L’évolution vers la droite
Il ne fallut pas longtemps avant qu’Orbán impose sa personnalité au sein de son parti. Après la défaite décevante de 1994 face aux socialistes, il opéra un virage à droite, adoptant des positions nationalistes et populistes. Ce changement porta ses fruits en 1998, lorsque Fidesz remporta les élections, Orbán devenant le plus jeune Premier ministre de l’histoire de la Hongrie.
Orbán exploita habilement le nationalisme hongrois, notamment en évoquant le traité de Trianon de 1920, qui avait amputé la Hongrie d’une grande partie de son territoire. Ce sentiment de perte devint une base importante pour sa politique nationale. En 1999, la Hongrie rejoignit l’OTAN, et en 2000, elle obtenait l’accord pour rejoindre l’Union européenne.
Mais malgré ces succès, Orbán perdit les élections de 2002, une défaite qui le poussa à se réorienter davantage à droite, en capitalisant sur les scandales du gouvernement socialiste et la crise économique de 2008. Ce changement fut marqué par l’intégration de thèmes religieux et conservateurs dans son discours, malgré son passé d’athée. Son mariage avec une catholique et ses relations avec des leaders religieux l’amenèrent à faire de la religion un outil politique.

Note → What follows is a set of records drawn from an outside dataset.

Lemma mode_mode_jacobi (P : V -> Prop) c b a u v w (m n : R[i]) (p : int) :
  subspace P -> inVa pr c u -> inVa pr b v -> inVa pr a w ->
  (forall k : nat, mode u (m - bh c b + p%:~R + k%:R) w = 0) ->
  (forall j l, P (mode (mode u j v) l w)) ->
  (forall m' (k : nat), P (mode u m' (mode v (n + k.+1%:R) w))) ->
  P (mode u m (mode v n w)).
Proof.
move=> P_sub u_c v_b w_a uw0 P_iterate P_higher.
(* r0 puts the coefficient on the support of the delta functions, r1 and r2 make
   the k = 0 term of the first sum u_m v_n w, and uw0 kills the second sum. *)
pose r0 := - bh c b - 1 + p%:~R; pose r1 := bh c b - m - 1 - p%:~R; pose r2 := -1 - n.
have [s1 [s2 [s3 [[K [K_trunc ->]] [K2 [_ ->]] [K3 [_ ->]] jac]]]] :=
  jacobi V_AIA u_c v_b w_a r0 r1 r2.
have r0_int : isint (- r0 - bh c b - 1) by apply: asboolT; exists (- p); rewrite /r0; ring.
have second_vanishes : \sum_(k < K2) jac2 mode u v w r0 r1 r2 k = 0.
  apply: big1 => k _; rewrite /jac2.
  have -> : k%:R - 1 - r1 = m - bh c b + p%:~R + k%:R by rewrite /r1; ring.
  by rewrite uw0 mode0r scaler0.
rewrite r0_int second_vanishes scaler0 subr0 in jac.
have P_first : P (\sum_(k < K) jac1 mode u v w r0 r1 r2 k).
  rewrite jac; case: ifP => _; last exact: subspace0.
  apply: subspaceZ => //; apply: subspace_sum => // k.
  by apply: subspaceZ => //; apply: P_iterate.
have first_term : jac1 mode u v w r0 r1 r2 0 = mode u m (mode v n w).
  rewrite /jac1 /cbinom big_ord0 expr0 mulr1 fact0 mul1r invr1 scale1r.
  by congr (mode u _ (mode v _ w)); rewrite /r0 /r1 /r2; ring.
move: P_first; rewrite -first_term.
have -> : \sum_(k < K) jac1 mode u v w r0 r1 r2 k = \sum_(k < K.+1) jac1 mode u v w r0 r1 r2 k.
  by rewrite big_ord_recr /= K_trunc // addr0.
rewrite big_ord_recl => P_all.
rewrite -[jac1 _ _ _ _ _ _ _ 0](addrK (\sum_(i < K) jac1 mode u v w r0 r1 r2 (bump 0 i))).
apply: subspaceB => //; apply: subspace_sum => // i; rewrite /jac1.
apply: subspaceZ => //.
have -> : (bump 0 i)%:R - 1 - r2 = n + i.+1%:R by rewrite /bump add1n /r2; ring.
exact: P_higher.
Qed.
(* For integers $n\ge m\ge k\ge0$, \[\Big(\frac nm\Big)^k\le\Big(\frac nm\Big)^k\exp\!\Big(\frac{n-m}{nm}\frac{k(k-1)}{2}\Big)\le\binom nk\Big/\binom mk\le\frac{\exp(n\,\mathrm H(k/n))}{\exp(m\,\mathrm H(k/m))}\le\Big(\frac nm\Big)^k e^{k^2/m}.\]
   Context: $\mathrm H(x)=x\log(1/x)+(1-x)\log(1/(1-x))$ is the binary entropy function with natural logarithm (with $\mathrm H(0)=0$). *)

From Stdlib Require Import Reals.
Open Scope R_scope.

Definition binH (x : R) : R :=
  if Req_EM_T x 0 then 0 else x * ln (1 / x) + (1 - x) * ln (1 / (1 - x)).

From Stdlib Require Import Reals Lra Lia.
Open Scope R_scope.

(* Passing from k to k + 1 multiplies C(n,k)/C(m,k) by (n-k)/(m-k), which is at
   least (n/m) exp(k (n-m)/(nm)) because exp y <= 1/(1-y); summing the exponents
   over k gives the lower bound.  For the entropy bound, exp(j H(k/j)) equals
   E(j) = j^j / (k^k (j-k)^(j-k)), and C(j,k)/E(j) is nonincreasing in j >= k: its
   successive quotients are e(j-k)/e(j) with e(s) = (1+1/s)^s, which increases by
   Bernoulli's inequality.  Finally E(n)/E(m) = (n/m)^k ((1-k/m)^(m-k))/((1-k/n)^(n-k)),
   and 1 + x <= exp x bounds the numerator by exp(-k(m-k)/m) and the
   denominator from below by exp(-k). *)

Lemma Rdiv_nonneg a b : 0 <= a -> 0 <= b -> 0 <= a / b.
Proof.
  intros Ha [Hb | <-].
  - apply Rmult_le_pos; [exact Ha | left; apply Rinv_0_lt_compat, Hb].
  - rewrite Rdiv_0_r; lra.
Qed.

Lemma Rdiv_le_div_cross a b c d :
  0 < b -> 0 < d -> a * d <= c * b -> a / b <= c / d.
Proof.
  intros Hb Hd H.
  replace (a / b) with (a * d * / (b * d)) by (field; lra).
  replace (c / d) with (c * b * / (b * d)) by (field; lra).
  apply Rmult_le_compat_r; [left; apply Rinv_0_lt_compat; nra | exact H].
Qed.

Lemma exp_le_compat x y : x <= y -> exp x <= exp y.
Proof.
  intros [Hlt | ->]; [left; apply exp_increasing, Hlt | right; reflexivity].
Qed.

Lemma exp_INR_mul p a : exp (INR p * a) = exp a ^ p.
Proof.
  induction p as [|p IH].
  - simpl; rewrite Rmult_0_l; apply exp_0.
  - rewrite S_INR, Rmult_plus_distr_r, Rmult_1_l, exp_plus, IH; simpl; ring.
Qed.

Lemma exp_INR_mul_ln_INR p : exp (INR p * ln (INR p)) = INR p ^ p.
Proof.
  destruct p as [|p].
  - simpl; rewrite Rmult_0_l; apply exp_0.
  - rewrite exp_INR_mul, exp_ln; [reflexivity | apply lt_0_INR; lia].
Qed.

Lemma exp_le_inv_one_sub y : y < 1 -> exp y <= / (1 - y).
Proof.
  intros Hy.
  pose proof (exp_ineq1_le (- y)) as H; rewrite exp_Ropp in H.
  rewrite <- (Rinv_inv (exp y)); apply Rinv_le_contravar; lra.
Qed.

La consolidation du pouvoir
En 2010, après sa victoire électorale, Orbán lança une série de réformes pour consolider son pouvoir, y compris des changements constitutionnels et une prise de contrôle des médias. Il transforma progressivement la Hongrie en une « démocratie illibérale », une démocratie chrétienne qui, selon lui, met l’accent sur la famille et les valeurs nationales.
Depuis lors, son gouvernement a adopté des politiques visant à renforcer les valeurs chrétiennes et nationales tout en réprimant les influences étrangères et libérales. Orbán a aussi su manipuler l’immigration pour renforcer son image de leader nationaliste et conservateur, bâtissant des clôtures aux frontières pour contrer la crise migratoire.
Orbán sur la scène mondiale
Sur la scène internationale, Orbán jongle habilement entre l’Est et l’Ouest. Tout en entretenant des relations étroites avec la Russie et la Chine, il a aussi su garder de bonnes relations avec l’Union européenne et les États-Unis. Il se positionne comme un défenseur des valeurs traditionnelles contre les influences libérales du monde occidental.
Ainsi, Orbán continue de naviguer entre les puissances mondiales, tout en consolidant son pouvoir à l’intérieur de son propre pays. Il est perçu par certains comme un modèle à suivre, mais ses actions ont suscité des critiques croissantes, notamment en Europe.